Report each line of the entries below that includes "Cprod".

Stored data:
╭──
Definition bsyn (c : bconn) : form -> form -> form :=
  match c with
  | Cprod => fprod | Cimp => imp | Cosum => fosum
  | Cconj => fconj | Cdisj => fdisj | Cequiv => fequiv
  end.

Definition bsem (c : bconn) (x y : R) : R :=
  match c with
  | Cprod => Rmax 0 (x + y - 1)
  | Cimp => Rmin 1 (1 - x + y)
  | Cosum => Rmin 1 (x + y)
  | Cconj => Rmin x y
  | Cdisj => Rmax x y
  | Cequiv => 1 - Rabs (x - y)
  end.

Definition fr (m n : nat) : R := INR m / INR n.

(* In the Lindenbaum algebra of any theory, call e a 1/N-element if
   e ≡ ¬((N-1)e).  Its multiples 0e, e, ..., Ne then behave exactly like the
   Łukasiewicz chain {0, 1/N, ..., 1}: ie ⊕ je ≡ min(N, i+j)e and
   ¬(ie) ≡ (N-i)e, so every connective of Ł acts on them as on the fractions
   i/N in [0,1].  A 1/N-element is unique up to ≡, hence T_Q proves
   q_{1/n} ≡ d q_{1/dn}, and every q_{m/n} is the multiple (mN/n) q_{1/N}
   for any common denominator N.  Each required equivalence thereby reduces
   to an equality of fractions with denominator N. *)
From Stdlib Require Import Reals Setoid Morphisms Lia Lra.

Open Scope R_scope.

Lemma fr_add a b n : fr (a + b) n = fr a n + fr b n.
Proof. unfold fr. rewrite plus_INR. unfold Rdiv. ring. Qed.

Lemma fr_sub a b n : (b <= a)%nat -> fr (a - b) n = fr a n - fr b n.
Proof. intros Hba. unfold fr. rewrite minus_INR by exact Hba. unfold Rdiv. ring. Qed.

Lemma fr_diag n : (0 < n)%nat -> fr n n = 1.
Proof. intros Hn. unfold fr. field. apply not_0_INR. lia. Qed.

Lemma fr_mul_l d m n : (0 < d)%nat -> (0 < n)%nat -> fr (d * m) (d * n) = fr m n.
Proof.
  intros Hd Hn. unfold fr. rewrite !mult_INR.
  field. split; apply not_0_INR; lia.
Qed.

Lemma fr_le a b n : (0 < n)%nat -> (a <= b)%nat -> fr a n <= fr b n.
Proof.
  intros Hn Hab. unfold fr, Rdiv. apply Rmult_le_compat_r.
  - left. apply Rinv_0_lt_compat, lt_0_INR, Hn.
  - apply le_INR, Hab.
Qed.

Lemma fr_range k n : (0 < n)%nat -> (k <= n)%nat -> 0 <= fr k n <= 1.
Proof.
  intros Hn Hk. rewrite <- (fr_diag n Hn).
  replace 0 with (fr 0 n) by (unfold fr; simpl; unfold Rdiv; ring).
  split; apply fr_le; lia.
Qed.

Lemma fr_min a b n : (0 < n)%nat -> fr (Nat.min a b) n = Rmin (fr a n) (fr b n).
Proof.
  intros Hn. destruct (Nat.le_ge_cases a b) as [Hab | Hba].
  - rewrite Nat.min_l, Rmin_left by (auto using fr_le). reflexivity.
  - rewrite Nat.min_r, Rmin_right by (auto using fr_le). reflexivity.
Qed.

Lemma fr_inj a b n : (0 < n)%nat -> fr a n = fr b n -> a = b.
Proof.
  intros Hn H. apply INR_eq. unfold fr in H.
  apply Rmult_eq_reg_r with (/ INR n); [exact H |].
  apply Rinv_neq_0_compat, not_0_INR. lia.
Qed.

Ltac mv_arith :=
  unfold bsem, Rmin, Rmax, Rabs;
  repeat match goal with
  | |- context [Rle_dec ?a ?b] => destruct (Rle_dec a b)
  | _ : context [Rle_dec ?a ?b] |- _ => destruct (Rle_dec a b)
  | |- context [Rcase_abs ?a] => destruct (Rcase_abs a)
  end; lra.

Section DerivedSemantics.

Variables x y : R.
Hypotheses (Hx : 0 <= x <= 1) (Hy : 0 <= y <= 1).

Lemma bsem_conj_def : bsem Cprod x (bsem Cimp x y) = bsem Cconj x y.
Proof. mv_arith. Qed.

Lemma bsem_disj_def :
  bsem Cconj (bsem Cimp (bsem Cimp x y) y) (bsem Cimp (bsem Cimp y x) x)
  = bsem Cdisj x y.
Proof. mv_arith. Qed.

Lemma bsem_equiv_def : bsem Cprod (bsem Cimp x y) (bsem Cimp y x) = bsem Cequiv x y.
Proof. mv_arith. Qed.

End DerivedSemantics.

Close Scope R_scope.

Section Lindenbaum.

Variable T : form -> Prop.

Definition le (a b : form) : Prop := prov T (imp a b).
Definition eqv (a b : form) : Prop := le a b /\ le b a.

Lemma le_trans a b c : le a b -> le b c -> le a c.
Proof. intros Hab Hbc. apply (p_mp _ _ _ Hbc), (p_mp _ _ _ Hab), p_L2. Qed.

Lemma le_prov a b : prov T a -> le b a.
Proof. intros Ha. apply (p_mp _ _ _ Ha), p_L1. Qed.

Lemma le_mp a b : prov T a -> le a b -> prov T b.
Proof. intros Ha Hab. exact (p_mp _ _ _ Ha Hab). Qed.

Lemma imp_prov_l t b : prov T t -> le (imp t b) b.
Proof.
  intros Ht. apply (p_mp _ (imp (imp b t) t)); [apply le_prov, Ht | apply p_L4].
Qed.

Lemma le_refl a : le a a.
Proof.
  eapply le_trans; [apply p_L1 with (b := imp bot (imp bot bot)) |].
  apply imp_prov_l, p_L1.
Qed.

Lemma imp_le_l a b c : le a b -> le (imp b c) (imp a c).
Proof. intros Hab. apply (p_mp _ _ _ Hab), p_L2. Qed.

Lemma le_imp_imp a b : le a (imp (imp a b) b).
Proof. eapply le_trans; [apply p_L1 with (b := imp b a) | apply p_L4]. Qed.

Lemma imp_exch a b c : le (imp a (imp b c)) (imp b (imp a c)).
Proof.
  eapply le_trans; [apply p_L2 with (b := imp b c) (c := c) |].
  apply imp_le_l, le_imp_imp.
Qed.

Lemma imp_le_r a b c : le a b -> le (imp c a) (imp c b).
Proof. intros Hab. apply (p_mp _ _ _ Hab), (p_mp _ _ _ (p_L2 T c a b)), imp_exch. Qed.

Lemma prov_ftop : prov T ftop.
Proof. apply le_refl. Qed.

Lemma bot_le a : le bot a.
Proof. apply (p_mp _ (imp (fneg a) (fneg bot))); [apply le_prov, le_refl | apply p_L3]. Qed.

Lemma fneg_fneg a : eqv (fneg (fneg a)) a.
Proof.
  split; [| apply le_imp_imp].
  eapply le_trans; [apply p_L4 | apply imp_prov_l, bot_le].
Qed.

Global Instance eqv_Equivalence : Equivalence eqv.
Proof.
  split.
  - intros a. split; apply le_refl.
  - intros a b [Hab Hba]. split; assumption.
  - intros a b c [Hab Hba] [Hbc Hcb]. split; eapply le_trans; eassumption.
Qed.

Global Instance le_PreOrder : PreOrder le.
Proof. split; [exact le_refl | exact le_trans]. Qed.

Global Instance imp_le : Proper (le --> le ==> le) imp.
Proof. intros a a' Ha b b' Hb. eapply le_trans; [apply imp_le_l, Ha | apply imp_le_r, Hb]. Qed.

Global Instance imp_eqv : Proper (eqv ==> eqv ==> eqv) imp.
Proof. intros a a' [Ha Ha'] b b' [Hb Hb']. split; apply imp_le; assumption. Qed.

Global Instance le_eqv : Proper (eqv ==> eqv ==> iff) le.
Proof.
  intros a a' [Ha Ha'] b b' [Hb Hb'].
  split; intros H.
  - apply (le_trans _ _ _ Ha'), (le_trans _ _ _ H), Hb.
  - apply (le_trans _ _ _ Ha), (le_trans _ _ _ H), Hb'.
Qed.

Global Instance prov_le : Proper (le ==> Basics.impl) (prov T).
Proof. intros a b Hab Ha. exact (le_mp _ _ Ha Hab). Qed.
╰──
Answer to this problem:
  | Cprod => fprod | Cimp => imp | Cosum => fosum
  | Cprod => Rmax 0 (x + y - 1)
Lemma bsem_conj_def : bsem Cprod x (bsem Cimp x y) = bsem Cconj x y.
Lemma bsem_equiv_def : bsem Cprod (bsem Cimp x y) (bsem Cimp y x) = bsem Cequiv x y.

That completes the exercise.